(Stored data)
▬▬▬▬▬▬▬▬▬▬

(* Let $d\ge 3$ be a prime, $\omega=e^{2\pi i/d}$, and $-\frac{1}{d^2-1}\le p\le 1$. Let $\rho_{AB}=p\,|\Psi^+\rangle\langle\Psi^+|+(1-p)\frac{\mathbb{I}}{d^2}$ on $\mathbb{C}^d\otimes\mathbb{C}^d$, where $|\Psi^+\rangle=\frac{1}{\sqrt d}\sum_{i=0}^{d-1}|ii\rangle$. Consider the $d+1$ mutually unbiased bases consisting of the computational basis $\mathcal{Z}=\{|0\rangle,\dots,|d-1\rangle\}$, the Fourier basis $\mathcal{X}=\{\mathcal{F}|0\rangle,\dots,\mathcal{F}|d-1\rangle\}$, and the bases $M_k=\{D^k\mathcal{F}|l\rangle\}_{l=0}^{d-1}$ for $k=1,\dots,d-1$. Then $I(M_k^A:M_k^B)=0$ for every $k=1,\dots,d-1$, and $$I(Z^A:Z^B)=I(X^A:X^B)=2\log(d)+d\Big(\tfrac{p}{d}+\tfrac{1-p}{d^2}\Big)\log\Big(\tfrac{p}{d}+\tfrac{1-p}{d^2}\Big)+(d^2-d)\,\tfrac{1-p}{d^2}\log\Big(\tfrac{1-p}{d^2}\Big).$$
   Context: Logarithms are base 2, $0\log 0=0$. $\mathcal{F}=\frac{1}{\sqrt d}\sum_{x,y=0}^{d-1}\omega^{xy}|x\rangle\langle y|$ and $D=\mathrm{diag}(\omega^{j^2})_{j=0}^{d-1}$. For a basis $\{|m_j\rangle\}$, $M^A,M^B$ are the outcomes when both parties measure their subsystem in that basis, with joint distribution $p(j,k)=\langle m_j\otimes m_k|\rho_{AB}|m_j\otimes m_k\rangle$, and $I(M^A:M^B)=H(M^A)+H(M^B)-H(M^AM^B)$ is the classical (Shannon) mutual information. *)

From HB Require Import structures.
From mathcomp Require Import all_boot all_order all_algebra.
From mathcomp Require Import complex.
From mathcomp Require Import reals exp trigo.
Set Implicit Arguments. Unset Strict Implicit. Unset Printing Implicit Defensive.
Import Order.TTheory GRing.Theory Num.Theory.
Local Open Scope ring_scope.
Local Open Scope complex_scope.

Section QDefs.
Variable R : realType.
Variable d : nat.
Local Notation C := (R[i]).

Definition log2 (x : R) : R := ln x / ln 2.
Definition xlogx (x : R) : R := if x == 0 then 0 else x * log2 x.

Definition entropy (T : finType) (P : T -> R) : R := - \sum_(t : T) xlogx (P t).

Definition omega : C := Complex (cos (2 * pi / d%:R)) (sin (2 * pi / d%:R)).

Definition sqrtdC : C := (Num.sqrt (d%:R : R))%:C.

Definition Fourier (x y : 'I_d) : C := sqrtdC^-1 * omega ^+ (x * y).

(* a basis is a family of d vectors in C^d : b j x = <x|b_j> *)
Definition basis_t := 'I_d -> 'I_d -> C.

Definition Zbasis : basis_t := fun j x => (x == j)%:R.
Definition Xbasis : basis_t := fun l x => Fourier x l.
(* D^k F |l>, D = diag(omega^(j^2)) *)
Definition Mbasis (k : nat) : basis_t := fun l x => omega ^+ (k * (x * x)) * Fourier x l.

Definition psi_plus (xy : 'I_d * 'I_d) : C := sqrtdC^-1 * (xy.1 == xy.2)%:R.

Definition rhoAB (p : R) (xy xy' : 'I_d * 'I_d) : C :=
  p%:C * (psi_plus xy * (psi_plus xy')^*)
  + ((1 - p) / (d%:R ^+ 2))%:C * (xy == xy')%:R.

Definition joint_prob (rho : 'I_d * 'I_d -> 'I_d * 'I_d -> C) (b : basis_t)
    (jk : 'I_d * 'I_d) : R :=
  complex.Re (\sum_(xy : 'I_d * 'I_d) \sum_(xy' : 'I_d * 'I_d)
     (b jk.1 xy.1 * b jk.2 xy.2)^* * rho xy xy' * (b jk.1 xy'.1 * b jk.2 xy'.2)).

Definition mutual_info (rho : 'I_d * 'I_d -> 'I_d * 'I_d -> C) (b : basis_t) : R :=
  let P := joint_prob rho b in
  entropy (fun j : 'I_d => \sum_(k : 'I_d) P (j, k))
  + entropy (fun k : 'I_d => \sum_(j : 'I_d) P (j, k))
  - entropy P.

End QDefs.

(* Each of the bases yields an outcome distribution of the form
   p(j,k) = a [k = sigma j] + r with sigma a permutation of Z/d, so both marginals
   are uniform and I(M^A:M^B) = 2 log d - H(p) is computed directly.  Writing
   the vectors of the Fourier-type bases as b_l(x) = omega^(f(l,x)) / sqrt d, the
   correlated part of p(j,k) is |sum_x omega^(-(f(j,x) + f(k,x)))|^2.  For the
   Fourier basis (f = x l) orthogonality of characters gives d^2 [j + k = 0].  For
   D^k F the phase is the quadratic k x^2 + l x, and a quadratic Gauss sum with
   nonzero leading coefficient (d an odd prime) has squared modulus d, so the
   distribution is uniform and the mutual information vanishes. *)

From mathcomp Require Import all_boot all_order all_algebra.
From mathcomp Require Import complex.
From mathcomp Require Import reals exp trigo.
From mathcomp Require Import ring.
Set Implicit Arguments. Unset Strict Implicit. Unset Printing Implicit Defensive.
Import Order.TTheory GRing.Theory Num.Theory.
Local Open Scope complex_scope.
Local Open Scope ring_scope.

Section RootOfUnity.
Variables (R : realType) (d : nat).
Local Notation w := (@omega R d).

Lemma omegaX m :
  w ^+ m = Complex (cos (m%:R * (2 * pi / d%:R))) (sin (m%:R * (2 * pi / d%:R))).
Proof.
elim: m => [|m IH]; first by rewrite expr0 mul0r cos0 sin0.
set t := 2 * pi / _ in IH *.
rewrite exprS IH -natr1 mulrDl mul1r cosD sinD.
by apply/eqP; rewrite eq_complex /=; apply/andP; split; apply/eqP; ring.
Qed.

Lemma mul_conj_omega : w^* * w = 1.
Proof.
apply/eqP; rewrite eq_complex /= mulNr opprK -!expr2 cos2Dsin2 mulrC mulNr addrN.
by rewrite !eqxx.
Qed.

Lemma omegaXd : (0 < d)%N -> w ^+ d = 1.
Proof.
move=> d_gt0; have d_neq0 : (d%:R : R) != 0 by rewrite pnatr_eq0 -lt0n.
by rewrite omegaX mulrCA divff // mulr1 mulrC mulr_natr cos2pi sin2pi.
Qed.

Lemma omegaX_mod m : (0 < d)%N -> w ^+ m = w ^+ (m %% d).
Proof.
by move=> d_gt0; rewrite {1}(divn_eq m d) exprD mulnC exprM omegaXd // expr1n mul1r.
Qed.

Hypothesis d_gt2 : (2 < d)%N.

Lemma omega_neq1 : w != 1.
Proof.
have d_gt0 : (0 < d%:R :> R) by rewrite ltr0n (ltn_trans _ d_gt2).
apply/negP => /eqP/(congr1 (@complex.Im R)) /= sin_eq0.
suff : 0 < sin (2 * pi / d%:R :> R) by rewrite sin_eq0 ltxx.
apply: sin_gt0_pi; rewrite divr_gt0 ?mulr_gt0 ?pi_gt0 //=.
by rewrite ltr_pdivrMr // mulrC ltr_pM2l ?pi_gt0 ?ltr_nat.
Qed.

Lemma sum_omegaX : \sum_(i < d) w ^+ i = 0.
Proof.
have := subrX1 w d; rewrite omegaXd ?(ltn_trans _ d_gt2) // subrr => /esym/eqP.
by rewrite mulf_eq0 subr_eq0 (negbTE omega_neq1) => /eqP.
Qed.

End RootOfUnity.

Section AdditiveCharacter.
Context {R : realType} {n : nat}.
Local Notation d := n.+2.
Local Notation w := (@omega R d).

Definition chi (a : 'I_d) : R[i] := w ^+ a.

Lemma chi_nat m : chi m%:R = w ^+ m.
Proof. by rewrite /chi Zp_nat /= [RHS]omegaX_mod. Qed.

Lemma chiD a b : chi (a + b) = chi a * chi b.
Proof. by rewrite /chi /= -omegaX_mod // exprD. Qed.

Lemma chi0 : chi 0 = 1.
Proof. exact: expr0. Qed.

Lemma conj_chi a : (chi a)^* = chi (- a).
Proof.
have chiNK : chi (- a) * chi a = 1 by rewrite -chiD addNr chi0.
have normK : (chi a)^* * chi a = 1.
  by rewrite /chi rmorphXn /= -exprMn mul_conj_omega expr1n.
by rewrite -[LHS]mulr1 -chiNK mulrCA normK mulr1.
Qed.

Hypotheses (d_gt2 : (2 < d)%N) (d_prime : prime d).

Lemma Zp_unit_prime (a : 'I_d) : a != 0 -> a \is a GRing.unit.
Proof.
move=> a_neq0; have := unitZpE (p := d) a isT; rewrite natr_Zp => ->.
rewrite prime_coprime //.
apply: contra a_neq0 => /dvdn_leq.
have [a_eq0 _|_ /(_ isT)] := posnP a.
  by apply/eqP/val_inj; rewrite /= a_eq0.
by rewrite ltnNge -ltnS ltn_ord.
Qed.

▬▬▬▬▬▬▬▬▬▬

__Directions for this task__
Each line from the one holding "by rewrite !eqxx." through the last line of the data is to be transcribed exactly, with nothing else added.

__Task solution__
by rewrite !eqxx.
Qed.

Lemma omegaXd : (0 < d)%N -> w ^+ d = 1.
Proof.
move=> d_gt0; have d_neq0 : (d%:R : R) != 0 by rewrite pnatr_eq0 -lt0n.
by rewrite omegaX mulrCA divff // mulr1 mulrC mulr_natr cos2pi sin2pi.
Qed.

Lemma omegaX_mod m : (0 < d)%N -> w ^+ m = w ^+ (m %% d).
Proof.
by move=> d_gt0; rewrite {1}(divn_eq m d) exprD mulnC exprM omegaXd // expr1n mul1r.
Qed.

Hypothesis d_gt2 : (2 < d)%N.

Lemma omega_neq1 : w != 1.
Proof.
have d_gt0 : (0 < d%:R :> R) by rewrite ltr0n (ltn_trans _ d_gt2).
apply/negP => /eqP/(congr1 (@complex.Im R)) /= sin_eq0.
suff : 0 < sin (2 * pi / d%:R :> R) by rewrite sin_eq0 ltxx.
apply: sin_gt0_pi; rewrite divr_gt0 ?mulr_gt0 ?pi_gt0 //=.
by rewrite ltr_pdivrMr // mulrC ltr_pM2l ?pi_gt0 ?ltr_nat.
Qed.

Lemma sum_omegaX : \sum_(i < d) w ^+ i = 0.
Proof.
have := subrX1 w d; rewrite omegaXd ?(ltn_trans _ d_gt2) // subrr => /esym/eqP.
by rewrite mulf_eq0 subr_eq0 (negbTE omega_neq1) => /eqP.
Qed.

End RootOfUnity.

Section AdditiveCharacter.
Context {R : realType} {n : nat}.
Local Notation d := n.+2.
Local Notation w := (@omega R d).

Definition chi (a : 'I_d) : R[i] := w ^+ a.

Lemma chi_nat m : chi m%:R = w ^+ m.
Proof. by rewrite /chi Zp_nat /= [RHS]omegaX_mod. Qed.

Lemma chiD a b : chi (a + b) = chi a * chi b.
Proof. by rewrite /chi /= -omegaX_mod // exprD. Qed.

Lemma chi0 : chi 0 = 1.
Proof. exact: expr0. Qed.

Lemma conj_chi a : (chi a)^* = chi (- a).
Proof.
have chiNK : chi (- a) * chi a = 1 by rewrite -chiD addNr chi0.
have normK : (chi a)^* * chi a = 1.
  by rewrite /chi rmorphXn /= -exprMn mul_conj_omega expr1n.
by rewrite -[LHS]mulr1 -chiNK mulrCA normK mulr1.
Qed.

Hypotheses (d_gt2 : (2 < d)%N) (d_prime : prime d).

Lemma Zp_unit_prime (a : 'I_d) : a != 0 -> a \is a GRing.unit.
Proof.
move=> a_neq0; have := unitZpE (p := d) a isT; rewrite natr_Zp => ->.
rewrite prime_coprime //.
apply: contra a_neq0 => /dvdn_leq.
have [a_eq0 _|_ /(_ isT)] := posnP a.
  by apply/eqP/val_inj; rewrite /= a_eq0.
by rewrite ltnNge -ltnS ltn_ord.
Qed.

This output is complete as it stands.